O(log_T n) block reads

Insert:

find a leaf where the new key belongs
if leaf is full (2T-1 keys), split into two equal parts of size T-1 and insert median to the parent (recursively)
- new element is inserted to one of the new leaves
- we continue splitting ancestors until we find a node which is not full or until we reach the root.

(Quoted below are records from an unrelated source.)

Lemma seg_set_eqK s t a b : (a <= b)%N -> seg_set s 0 a = seg_set t 0 a ->
  (seg_set s a b == seg_set t a b) = (seg_set s 0 b == seg_set t 0 b).
Proof.
move=> hab ha; apply/eqP/eqP => h.
  by rewrite !(@seg_set_split _ 0 a b) ?hab // ha h.
by rewrite !(seg_set_diff _ hab) ha h.
Qed.

Lemma seg_set_eqKr s t a b : (a <= b)%N -> seg_set s a b = seg_set t a b ->
  (seg_set s 0 a == seg_set t 0 a) = (seg_set s 0 b == seg_set t 0 b).
Proof.
move=> hab hab'; apply/eqP/eqP => h.
  by rewrite !(@seg_set_split _ 0 a b) ?hab // h hab'.
by rewrite !(seg_set_low _ hab) h hab'.
Qed.

Lemma seg_set_one s t a :
  (seg_set s a a.+1 == seg_set t a a.+1) = agree s t a a.+1.
Proof.
apply/eqP/idP => [h|]; last exact: seg_set_agree.
apply/forallP => i; apply/implyP => /andP[h1 h2].
have : s i \in seg_set t a a.+1 by rewrite -h mem_seg_set h1 h2.
case/imsetP => j; rewrite inE => /andP[j1 j2] ->.
have ei : val i = a by apply/eqP; rewrite eqn_leq -ltnS h2 h1.
have ej : val j = a by apply/eqP; rewrite eqn_leq -ltnS j2 j1.
by rewrite (val_inj (etrans ei (esym ej))).
Qed.

Lemma splice_ex u v k : seg_set u 0 k = seg_set v 0 k ->
  exists s, agree s u 0 k && agree s v k n.
Proof.
move=> Huv; pose f (i : 'I_n) := if (i < k)%N then u i else v i.
have cross (i j : 'I_n) : (i < k)%N -> (k <= j)%N -> u i != v j.
  move=> hi hj; apply/eqP => E.
  have : u i \in seg_set u 0 k by rewrite mem_seg_set.
  by rewrite Huv E mem_seg_set /= ltnNge hj.
have finj : injective f.
  move=> i j; rewrite /f; case: (ltnP i k) => hi; case: (ltnP j k) => hj.
  - exact: perm_inj.
  - by move=> E; move: (cross _ _ hi hj); rewrite E eqxx.
  - by move=> E; move: (cross _ _ hj hi); rewrite E eqxx.
  - exact: perm_inj.
exists (perm finj); apply/andP; split; apply/forallP => i;
  apply/implyP => /andP[h1 h2]; rewrite permE /f.
  by rewrite h2.
by rewrite ltnNge h1.
Qed.

Lemma splice_unique u v k s0 : agree s0 u 0 k -> agree s0 v k n ->
  forall s, agree s u 0 k && agree s v k n = (s == s0).
Proof.
move=> h1 h2 s; apply/andP/eqP => [[a1 a2]|->]; last by split.
apply: (agree_cat (k := k)).
  by apply: agree_trans a1 _; rewrite agreeC.
by apply: agree_trans a2 _; rewrite agreeC.
Qed.

End Segments.

Lemma exchange_big3 (V : nmodType) (I J K : finType) (P : pred I)
    (Q : I -> J -> bool) (W : I -> K -> bool) (F : J -> K -> V) :
  \sum_(i | P i) \sum_(j | Q i j) \sum_(k | W i k) F j k
  = \sum_j \sum_k \sum_(i | [&& P i, Q i j & W i k]) F j k.
Proof.
transitivity (\sum_i \sum_j \sum_k if [&& P i, Q i j & W i k] then F j k else 0).
  rewrite big_mkcond; apply: eq_bigr => i _; case: (P i) => /=; last first.
    by rewrite big1 // => j _; rewrite big1.
  rewrite big_mkcond; apply: eq_bigr => j _; case: (Q i j) => /=; last first.
    by rewrite big1.
  by rewrite big_mkcond.
rewrite exchange_big; apply: eq_bigr => j _; rewrite exchange_big.
by apply: eq_bigr => k _; rewrite [RHS]big_mkcond.
Qed.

If root is full, we create a new root with 2 children (increasing the height of the tree)
O(log_T n) transfers

Sorting

external mergesort

I/O cost of ordinary mergesort implementation?
create sorted runs of size M using O(n/B) transfers
repeatedly merge M/B-1 runs into one in 1 pass, this uses O(n/B) disk reads and writes per pass
- read one block from each run, use one block for output
- when output block gets full, write it to disk
- when some input gets exhausted, read next block from the run (if any)
log_{M/B-1} (n/M) passes

Summary

B-trees can do search tree operations (insert, delete, search/predecessor) in Theta(log_{B+1} n) = Theta(log n / log (B+1)) memory transfers
- number of transfers compared to usual search tree running time: factor of 1/log B
search optimal in comparison model
- proof outline through information theory
- goal of the search is to tell us between which two elements is query located
- there are Theta(n) possible answers, thus Theta(log n) bits of information
- in normal comparison model one comparison of query to an elements of the set gives us at most 1 bit of information
- in I/O model reading a block of B elements and comparing query to them gives us in the best case its position within these B elements, i.e. Theta(log B) bits
- to get Theta(log n) bits of information for the answer, we need Theta(log n/log B) block reads
- this can be transformed to a more formal and precise proof
sorting O((n/B) log_{M/B} (n/M)) memory transfers
- number of memory transfers compared to usual sorting running time: factor of more than 1/B
- also much better than sorting using B-trees, which would take O(N * log_B n)

Cache oblivious model

Introduction

in the I/O model the algorithm explicitly requests block transfers, knows B, controls memory allocation
in the cache oblivious model algorithm does not know B or M, memory operates as a cache
M/B slots, each holding one block from disk
algorithm requests reading a word from disk
- if the block containing this word in cache, no transfer
- replace one slot with block holding requested item, write original block if needed (1 or 2 transfers)
- which one to replace: classical on-line problem of paging

Paging

cache has size k = M/B slots, each holds one page (above called block)
sequence of page requests, if the requested page not in memory not in memory, bring it in and remove some other page (page fault)
- goal is to minimize the number of page faults
optimal offline algorithm (knows the whole sequence of page requests)
- At a page fault remove the page that will not be used for the longest time
example of an on-line algoritm: FIFO:
- at a page fault remove page which is in the memory longest time
- uses at most k times as many page faults as the optimal algorithm (k-competitive)
- no deterministic alg. can be better than k-competitive
- it is conservative: in a segment of requests containing at most k distinct pages it does at most k page faults
  - proof by induction on segment length, hypothesis: each element which was inserted within segment is never removed within segment
- every conservative alg. is k-competitive
Compare a conservative paging alg. (e.g. FIFO) on memory with k blocks to optimum offline alg. on a smaller memory of size h - competitive ratio k/(k-h)
- if h = k/2, we get competitive ratio 2
- divide input sequence into maximal blocks, each containing k distinct elements (first element of the next block is distinct from the k elements of the previous block)
- FIFO uses at most k page faults in each block
- optimum has at most h pages from a block in memory at the beginning - at least k-h pages will cause a fault
- in fact we can prove k/(k-h+1), works even for k=h

Back to cache-oblivious model

we analyze algorithms under the assumption that paging algorithm uses off-line optimum
instead it could use e.g. FIFO in memory 2M and increase the number of transfers by a constant factor
advantages of cache-oblivious model:
- may adapt to changing M, B
- good for a whole memory hierarchy (several levels of cache, disk, network,...)
scanning still Theta(ceiling of N/B)
search trees still Theta(log_{B+1} N)
sorting Theta(n/B log_{M/B}(N/B)) but requires big enough M i.e. M=Omega(B^{1+epsilon})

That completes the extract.